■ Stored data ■
────────
(* Let $M\in\mathrm{Mat}(d,\mathbb{Z})$ and $n\in\mathbb{N}$, and consider the map $x\mapsto Mx \bmod n$ on $\tilde L_n=(\mathbb{Z}/n\mathbb{Z})^d$. Then for every periodic point $y$ of this map, the pretail graph of $y$ is isomorphic (as a directed graph) to the pretail graph of the fixed point $0$. Reversing all edge directions of the pretail graph of $0$ yields a rooted tree with root $0$, and this tree is trivial (consists of the single vertex $0$) if and only if $M$ is invertible on $\tilde L_n$.
   Context: A point $y\in\tilde L_n$ is periodic if $M^k y\equiv y \pmod n$ for some $k\ge1$. Given a periodic point $y$, a finite set of iterates $\{x, Mx, \dots, M^j x = y\}$ (mod $n$) is called a pretail of $y$ if $y$ is the only periodic point in it; $j$ is its length. The pretail graph of $y$ is the directed graph obtained by combining all pretails of $y$: its vertices are the points of all pretails of $y$, with a directed edge $z\to Mz$ for every vertex $z\neq y$ (so no edge leaves $y$). *)

From mathcomp Require Import all_boot all_order all_algebra.
Set Implicit Arguments. Unset Strict Implicit. Unset Printing Implicit Defensive.
Import GRing.Theory Num.Theory.

(* Points of L_n = (Z/nZ)^d, coordinates represented by 'I_n (requires 0 < n). *)
Definition pt (d n : nat) := {ffun 'I_d -> 'I_n}.

Definition pt0 (d n : nat) (hn : 0 < n) : pt d n := [ffun _ => Ordinal hn].

(* The map x |-> M x mod n. The int (M x)_i is reduced mod n (nonneg. residue),
   then taken as a nat (the extra nat %% n is the identity, it only provides the bound). *)
Definition Mmap (d n : nat) (hn : 0 < n) (M : 'M[int]_d) (x : pt d n) : pt d n :=
  [ffun i => Ordinal (ltn_pmod
     (absz ((\sum_(j < d) M i j * ((x j : nat)%:Z)) %% (n%:Z))%Z) hn)].

Section Dyn.
Variable T : finType.
Variable f : T -> T.

Definition periodic (y : T) : Prop := exists k, 0 < k /\ iter k f y = y.

Definition in_pretail (y x : T) : Prop :=
  exists j, iter j f x = y /\ forall i, i < j -> ~ periodic (iter i f x).

Definition pretail_V (y : T) : T -> Prop := in_pretail y.

Definition pretail_E (y : T) : T -> T -> Prop :=
  fun z w => pretail_V y z /\ z <> y /\ w = f z.

End Dyn.

Definition digraph_iso (T : Type) (V1 : T -> Prop) (E1 : T -> T -> Prop)
  (V2 : T -> Prop) (E2 : T -> T -> Prop) : Prop :=
  exists phi : T -> T,
    [/\ forall u v, V1 u -> V1 v -> phi u = phi v -> u = v,
        (forall w, V2 w <-> exists2 u, V1 u & phi u = w) &
        (forall u v, V1 u -> V1 v -> (E1 u v <-> E2 (phi u) (phi v)))].

Definition rev_rel (T : Type) (E : T -> T -> Prop) : T -> T -> Prop :=
  fun u v => E v u.

Fixpoint walk (T : Type) (E : T -> T -> Prop) (x : T) (p : seq T) : Prop :=
  match p with
  | [::] => True
  | y :: q => E x y /\ walk E y q
  end.

Definition rooted_tree (T : Type) (V : T -> Prop) (E : T -> T -> Prop) (r : T) : Prop :=
  [/\ V r,
      (forall u v, E u v -> V u /\ V v) &
      (forall v, V v ->
        (exists p, walk E r p /\ last r p = v) /\
        (forall p q, walk E r p -> last r p = v ->
                     walk E r q -> last r q = v -> p = q))].

(** Since [L_n] is finite, some iterate [E := f^e] of the additive map
    [f : x |-> M x mod n] is idempotent; the periodic points are exactly the
    fixed points of [E], and [N := id - E] is an additive projection onto
    [ker E] commuting with [f]. A point lies on a pretail of the periodic
    point [y], reaching it after [j] steps, iff [j] is the first time its
    [N]-component is killed by [f]; since its [E]-component is then forced to
    be [f^(je - j) y], the map [N] is a graph isomorphism from the pretail
    graph of [y] onto that of [0]. Every vertex other than the root has a
    single out-edge and reaches the root, so reversing the edges gives a
    tree; and the tree of [0] is trivial iff [ker f = 0], i.e. iff [f] is
    bijective. *)

From HB Require Import structures.
From mathcomp Require Import all_boot all_order all_algebra zify.
Set Implicit Arguments. Unset Strict Implicit. Unset Printing Implicit Defensive.
Import GRing.Theory.

Definition first_time (P : nat -> Prop) (j : nat) := P j /\ forall i, i < j -> ~ P i.

Lemma first_time_unique P j k : first_time P j -> first_time P k -> j = k.
Proof.
move=> [Pj before_j] [Pk before_k].
by case: (ltngtP j k) => // [/before_k | /before_j].
Qed.

Lemma walk_rcons (T : Type) (R : T -> T -> Prop) x p z :
  walk R x (rcons p z) <-> walk R x p /\ R (last x p) z.
Proof.
elim: p x => [|a p IH] x /=; first by split=> [[]|[]].
by rewrite IH; split=> [[? [? ?]]|[[? ?] ?]].
Qed.

Section IteratesOnFiniteType.
Variables (T : finType) (f : T -> T).

Lemma iter_period_shift a p :
    (forall x, iter (p + a) f x = iter a f x) ->
  forall k m x, a <= m -> iter (k * p + m) f x = iter m f x.
Proof.
move=> per k m x le_am; elim: k => // k IH.
have -> : k.+1 * p + m = k * p + (m - a) + (p + a) by rewrite mulSn; lia.
by rewrite iterD per -iterD -IH; congr iter; lia.
Qed.

Lemma iter_idempotent :
  exists2 e, 0 < e & forall x, iter e f (iter e f x) = iter e f x.
Proof.
have [a [p p_gt0 per]] :
    exists a, exists2 p, 0 < p & forall x, iter (p + a) f x = iter a f x.
  pose g (k : 'I_#|{ffun T -> T}|.+1) := [ffun x => iter k f x].
  have /injectivePn [i [j neq_ij gij]] : ~~ injectiveb g.
    by apply/injectiveP => /leq_card; rewrite card_ord ltnn.
  have iter_ij x : iter i f x = iter j f x.
    by have := congr1 (fun h : {ffun T -> T} => h x) gij; rewrite !ffunE.
  case: (ltngtP i j) => [lt_ij | lt_ji | /val_inj eq_ij].
  - exists i, (j - i) => [|x]; first by rewrite subn_gt0.
    by rewrite subnK ?iter_ij // ltnW.
  - exists j, (i - j) => [|x]; first by rewrite subn_gt0.
    by rewrite subnK ?iter_ij // ltnW.
  - by rewrite eq_ij eqxx in neq_ij.
exists (a.+1 * p) => [|x]; first by rewrite muln_gt0.
rewrite -iterD (iter_period_shift per) //.
by rewrite (leq_trans (leqnSn a)) // leq_pmulr.
Qed.

Section IdempotentIterate.
Variable e : nat.
Hypotheses (e_gt0 : 0 < e)
           (iter_e_idem : forall x, iter e f (iter e f x) = iter e f x).

Lemma iter_mul_idem k x : 0 < k -> iter (k * e) f x = iter e f x.
Proof.
elim: k => [//|[|k] IH _]; first by rewrite mul1n.
by rewrite mulSn iterD IH.
Qed.

Lemma periodicE y : periodic f y <-> iter e f y = y.
Proof.
split=> [[k [k_gt0 iter_ky]]|iter_ey]; last by exists e.
have iter_mky m : iter (m * k) f y = y.
  by elim: m => // m IH; rewrite mulSn iterD IH iter_ky.
by rewrite -(iter_mul_idem y k_gt0) mulnC iter_mky.
Qed.

Lemma iter_e_from j u : iter e f u = iter (j.+1 * e - j) f (iter j f u).
Proof.
rewrite -iterD subnK ?iter_mul_idem //.
by rewrite (leq_trans (leqnSn j)) // leq_pmulr.
Qed.

End IdempotentIterate.

Lemma pretail_f y u : in_pretail f y u -> u <> y -> in_pretail f y (f u).
Proof.
move=> [[|j] [iter_ju not_per]] neq_uy //.
exists j; split=> [|i lt_ij]; rewrite -iterSr //.
exact: not_per.
Qed.

Lemma pretail_walk_unique y p q v :
    walk (rev_rel (pretail_E f y)) y p -> last y p = v ->
    walk (rev_rel (pretail_E f y)) y q -> last y q = v -> p = q.
Proof.
elim/last_ind: p q v => [|p a IH] q v.
  move=> _ /= <-; case/lastP: q => [//|q b] /walk_rcons [_ [_ [neq_by _]]].
  by rewrite last_rcons.
rewrite last_rcons => /walk_rcons [walk_p [_ [neq_ay last_p]]] eq_av.
case/lastP: q => [|q b] /=; first by move=> _ eq_yv; case: neq_ay; rewrite eq_av.
move=> /walk_rcons [walk_q [_ [_ last_q]]]; rewrite last_rcons => eq_bv.
have eq_ab : a = b by rewrite eq_av eq_bv.
by rewrite -eq_ab (IH q (f a)) // last_q eq_ab.
Qed.

Lemma pretail_walk_exists y v : periodic f y -> in_pretail f y v ->
  exists p, walk (rev_rel (pretail_E f y)) y p /\ last y p = v.
Proof.
move=> per_y [j]; elim: j v => [|j IH] v [iter_jv not_per].
  by exists [::].
have [|p [walk_p last_p]] := IH (f v).
  by split=> [|i lt_ij]; rewrite -iterSr //; apply: not_per.
exists (rcons p v); rewrite last_rcons walk_rcons last_p.
split=> //; split=> //; split; first by exists j.+1.
by split=> // eq_vy; apply: (not_per 0); rewrite //= eq_vy.
Qed.

Lemma pretail_rooted_tree y : periodic f y ->
  rooted_tree (pretail_V f y) (rev_rel (pretail_E f y)) y.
Proof.
move=> per_y; split.
- by exists 0.
- by move=> u v [pre_v [neq_vy ->]]; split=> //; apply: pretail_f.
- move=> v pre_v; split; first exact: pretail_walk_exists.
  by move=> p q; apply: pretail_walk_unique.
Qed.

Lemma pretail_injective y x : injective f -> in_pretail f y x -> x = y.
Proof.
move=> f_inj [[|j] [iter_jx not_per]] //; case: (not_per 0 isT).
by exists (order f x); rewrite order_gt0 iter_order.
Qed.

End IteratesOnFiniteType.

Section AdditiveIterates.
Variables (V : finZmodType) (f : V -> V).
Hypothesis f_add : {morph f : x y / (x + y)%R}.
Local Open Scope ring_scope.

Lemma iter_addm k : {morph iter k f : x y / x + y}.
Proof. by elim: k => // k IH x y /=; rewrite IH f_add. Qed.

Lemma iter_subm k : {morph iter k f : x y / x - y}.
Proof. by move=> x y; apply/eqP; rewrite eq_sym subr_eq -iter_addm subrK. Qed.

Lemma iter_f0 k : iter k f 0 = 0.
Proof. by have := iter_subm k 0 0; rewrite subrr => ->; rewrite subrr. Qed.

Lemma periodic0 : periodic f 0.
Proof. by exists 1%N; rewrite (iter_f0 1). Qed.

Section NilpotentPart.
Variable e : nat.
Hypotheses (e_gt0 : (0 < e)%N)
           (iter_e_idem : forall x, iter e f (iter e f x) = iter e f x).

Let nilpart x := x - iter e f x.

Lemma iter_e_nilpart x : iter e f (nilpart x) = 0.
Proof. by rewrite iter_subm iter_e_idem subrr. Qed.

Lemma nilpart_idem x : nilpart (nilpart x) = nilpart x.
Proof. by rewrite {1}/nilpart iter_e_nilpart subr0. Qed.

Lemma nilpart_iter i x : nilpart (iter i f x) = iter i f (nilpart x).
Proof. by rewrite /nilpart iter_subm -!iterD addnC. Qed.

Lemma periodic_iterE i x : periodic f (iter i f x) <-> iter i f (nilpart x) = 0.
Proof.
rewrite (periodicE e_gt0 iter_e_idem) -nilpart_iter /nilpart.
by split=> [->|/eqP]; rewrite ?subrr // subr_eq0 => /eqP <-.
Qed.

Lemma pretailE y x : periodic f y -> in_pretail f y x <->
  exists j, iter j f x = y /\ first_time (fun i => iter i f (nilpart x) = 0) j.
Proof.
move=> per_y; split=> [] [j [iter_jx before_j]]; exists j; split=> //.
  split; first by apply/periodic_iterE; rewrite iter_jx.
  by move=> i lt_ij /periodic_iterE; apply: before_j.
by move=> i lt_ij /periodic_iterE; apply: before_j.2.
Qed.

Lemma nilpartK x : nilpart x + iter e f x = x.
Proof. exact: subrK. Qed.

Lemma nilpart_f x : nilpart (f x) = f (nilpart x).
Proof. exact: (nilpart_iter 1). Qed.

Lemma pretail_nilpart y u : periodic f y -> in_pretail f y u -> in_pretail f 0 (nilpart u).
Proof.
move=> per_y /(pretailE _ per_y) [j [_ first_j]].
apply/(pretailE _ periodic0); exists j.
by rewrite nilpart_idem; split=> //; apply: first_j.1.
Qed.

Lemma pretail_nilpart_root y u : periodic f y -> in_pretail f y u ->
  nilpart u = 0 <-> u = y.
Proof.
move=> per_y pre_u; split=> [nil_u0 | ->].
  move: pre_u => /(pretailE _ per_y) [[|j] [iter_ju [_ before_j]]] //.
  by case: (before_j 0%N).
by rewrite /nilpart (periodicE e_gt0 iter_e_idem y).1 // subrr.
Qed.

Lemma pretail_nilpart_inj y u v : periodic f y ->
  in_pretail f y u -> in_pretail f y v -> nilpart u = nilpart v -> u = v.
Proof.
move=> per_y /(pretailE _ per_y) [j [iter_ju first_j]].
move=> /(pretailE _ per_y) [k [iter_kv first_k]] eq_uv.
have eq_jk : j = k by apply: first_time_unique first_j _; rewrite eq_uv.
rewrite -(nilpartK u) -(nilpartK v) eq_uv.
by rewrite !(iter_e_from e_gt0 iter_e_idem j) iter_ju eq_jk iter_kv.
Qed.

Lemma pretail_nilpart_surj y w : periodic f y -> in_pretail f 0 w ->
  exists2 u, in_pretail f y u & nilpart u = w.
Proof.
move=> per_y /(pretailE _ periodic0) [j [iter_jw first_j]].
have iter_ey : iter e f y = y by apply/(periodicE e_gt0 iter_e_idem).
have le_je : (j <= j.+1 * e)%N by rewrite (leq_trans (leqnSn j)) // leq_pmulr.
pose b := iter (j.+1 * e - j) f y.
have iter_eb : iter e f b = b by rewrite /b -iterD addnC iterD iter_ey.
have iter_ew : iter e f w = 0.
  by rewrite (iter_e_from e_gt0 iter_e_idem j) iter_jw iter_f0.
have nil_w : nilpart w = w by rewrite /nilpart iter_ew subr0.
have nil_wb : nilpart (w + b) = w.
  by rewrite /nilpart iter_addm iter_ew iter_eb add0r addrK.
exists (w + b) => //; apply/(pretailE _ per_y); exists j.
rewrite nil_wb -{2}nil_w; split=> //.
by rewrite iter_addm iter_jw add0r /b -iterD subnKC // iter_mul_idem.
Qed.

Lemma pretail_iso y : periodic f y ->
  digraph_iso (pretail_V f y) (pretail_E f y) (pretail_V f 0) (pretail_E f 0).
Proof.
move=> per_y; exists nilpart; split.
- by move=> u v; apply: pretail_nilpart_inj.
- move=> w; split; first exact: pretail_nilpart_surj per_y.
  by case=> u pre_u <-; apply: pretail_nilpart per_y pre_u.
- move=> u v pre_u pre_v; have root_u := pretail_nilpart_root per_y pre_u.
  split=> [[_ [neq_uy ->]] | [_ [nil_u_neq0 eq_v]]].
    split; first exact: pretail_nilpart per_y _.
    by split; [move/root_u | exact: nilpart_f].
  have neq_uy : u <> y by move/root_u.
  split=> //; split=> //; apply: pretail_nilpart_inj per_y pre_v _ _.
    exact: pretail_f.
  by rewrite eq_v nilpart_f.
Qed.

End NilpotentPart.

Lemma pretail0_trivialP : (forall x, pretail_V f 0 x <-> x = 0) <-> bijective f.
Proof.
split=> [triv | /bij_inj f_inj x]; last first.
  by split=> [/(pretail_injective f_inj) | ->] //; exists 0%N.
have ker_periodic a : f a = 0 -> periodic f a -> a = 0.
  by move=> fa0 [k [k_gt0 <-]]; rewrite -(prednK k_gt0) iterSr fa0 iter_f0.
apply: injF_bij => x y eq_fxy; apply/eqP; rewrite -subr_eq0; apply/eqP.
have f_xy : f (x - y) = 0 by have /= -> := iter_subm 1 x y; rewrite eq_fxy subrr.
case: (eqVneq (x - y) 0) => // neq0; apply/triv; exists 1%N.
by split=> // [[|//] _ /(ker_periodic _ f_xy)]; apply/eqP.
Qed.

End AdditiveIterates.

(* MathComp declares no [finZmodType] instance for [{ffun aT -> rT}]. *)
HB.saturate finfun_of.

Section MatrixMapModN.
Variables (d n : nat) (n_gt0 : 0 < n.+1) (M : 'M[int]_d).
Local Open Scope ring_scope.

Definition int_mod (z : int) : 'I_n.+1 :=
  Ordinal (ltn_pmod (absz (z %% n.+1%:Z))%Z n_gt0).

Lemma int_modE z : (int_mod z : nat)%:Z = (z %% n.+1%:Z)%Z.
Proof. by rewrite /= -modz_nat gez0_abs ?modz_mod //; apply: modz_ge0. Qed.

Lemma int_modD : {morph int_mod : a b / a + b}.
Proof.
move=> a b; apply/val_inj/eqP; rewrite -eqz_nat int_modE.
have -> : val (int_mod a + int_mod b) = ((int_mod a + int_mod b) %% n.+1)%N by [].
by rewrite -modz_nat PoszD !int_modE modzDm.
Qed.

Lemma int_mod_sum (F : 'I_d -> int) : int_mod (\sum_j F j) = \sum_j int_mod (F j).
Proof. by apply: (big_morph int_mod int_modD); apply: val_inj. Qed.

Lemma int_mod_congr a b : (a = b %[mod n.+1])%Z -> int_mod a = int_mod b.
Proof. by move=> eq_ab; apply: val_inj; rewrite /= eq_ab. Qed.

Lemma MmapE x i : Mmap n_gt0 M x i = int_mod (\sum_j M i j * (x j : nat)%:Z).
Proof. by rewrite ffunE. Qed.

Lemma Mmap_add : {morph Mmap n_gt0 M : x y / x + y}.
Proof.
move=> x y; apply/ffunP => i; rewrite [RHS]ffunE !MmapE !int_mod_sum -big_split.
apply: eq_bigr => j _ /=; rewrite -int_modD; apply: int_mod_congr.
have -> : val ((x + y) j) = ((x j + y j) %% n.+1)%N by rewrite ffunE.
by rewrite -modz_nat modzMmr PoszD mulrDr.
Qed.

End MatrixMapModN.

Theorem corollary3p3 (d n : nat) (hn : 0 < n) (M : 'M[int]_d) :
  let f := Mmap hn M in
  let o := pt0 d hn in
  (forall y : pt d n, periodic f y ->
     digraph_iso (pretail_V f y) (pretail_E f y) (pretail_V f o) (pretail_E f o))
  /\ rooted_tree (pretail_V f o) (rev_rel (pretail_E f o)) o
  /\ ((forall x, pretail_V f o x <-> x = o) <-> bijective f).
Proof.
case: n hn M => [//|n] hn M f o.
have -> : o = 0%R by apply/ffunP => i; rewrite !ffunE; apply: val_inj.
have f_add : {morph f : x y / (x + y)%R} := Mmap_add hn M.
have [e e_gt0 iter_e_idem] := iter_idempotent f.
split; [|split].
- move=> y; exact: (pretail_iso f_add e_gt0 iter_e_idem).
- exact/pretail_rooted_tree/(periodic0 f_add).
- exact: pretail0_trivialP f_add.
Qed.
────────
■ WHAT IS REQUIRED ■
Of the lines above, retype only those from the line containing "move=> per_y /(pretailE _ per_y) [j [_" through the line containing "by rewrite /nilpart iter_addm", including both, exactly.

■ YOUR SOLUTION ■
move=> per_y /(pretailE _ per_y) [j [_ first_j]].
apply/(pretailE _ periodic0); exists j.
by rewrite nilpart_idem; split=> //; apply: first_j.1.
Qed.

Lemma pretail_nilpart_root y u : periodic f y -> in_pretail f y u ->
  nilpart u = 0 <-> u = y.
Proof.
move=> per_y pre_u; split=> [nil_u0 | ->].
  move: pre_u => /(pretailE _ per_y) [[|j] [iter_ju [_ before_j]]] //.
  by case: (before_j 0%N).
by rewrite /nilpart (periodicE e_gt0 iter_e_idem y).1 // subrr.
Qed.

Lemma pretail_nilpart_inj y u v : periodic f y ->
  in_pretail f y u -> in_pretail f y v -> nilpart u = nilpart v -> u = v.
Proof.
move=> per_y /(pretailE _ per_y) [j [iter_ju first_j]].
move=> /(pretailE _ per_y) [k [iter_kv first_k]] eq_uv.
have eq_jk : j = k by apply: first_time_unique first_j _; rewrite eq_uv.
rewrite -(nilpartK u) -(nilpartK v) eq_uv.
by rewrite !(iter_e_from e_gt0 iter_e_idem j) iter_ju eq_jk iter_kv.
Qed.

Lemma pretail_nilpart_surj y w : periodic f y -> in_pretail f 0 w ->
  exists2 u, in_pretail f y u & nilpart u = w.
Proof.
move=> per_y /(pretailE _ periodic0) [j [iter_jw first_j]].
have iter_ey : iter e f y = y by apply/(periodicE e_gt0 iter_e_idem).
have le_je : (j <= j.+1 * e)%N by rewrite (leq_trans (leqnSn j)) // leq_pmulr.
pose b := iter (j.+1 * e - j) f y.
have iter_eb : iter e f b = b by rewrite /b -iterD addnC iterD iter_ey.
have iter_ew : iter e f w = 0.
  by rewrite (iter_e_from e_gt0 iter_e_idem j) iter_jw iter_f0.
have nil_w : nilpart w = w by rewrite /nilpart iter_ew subr0.
have nil_wb : nilpart (w + b) = w.
  by rewrite /nilpart iter_addm iter_ew iter_eb add0r addrK.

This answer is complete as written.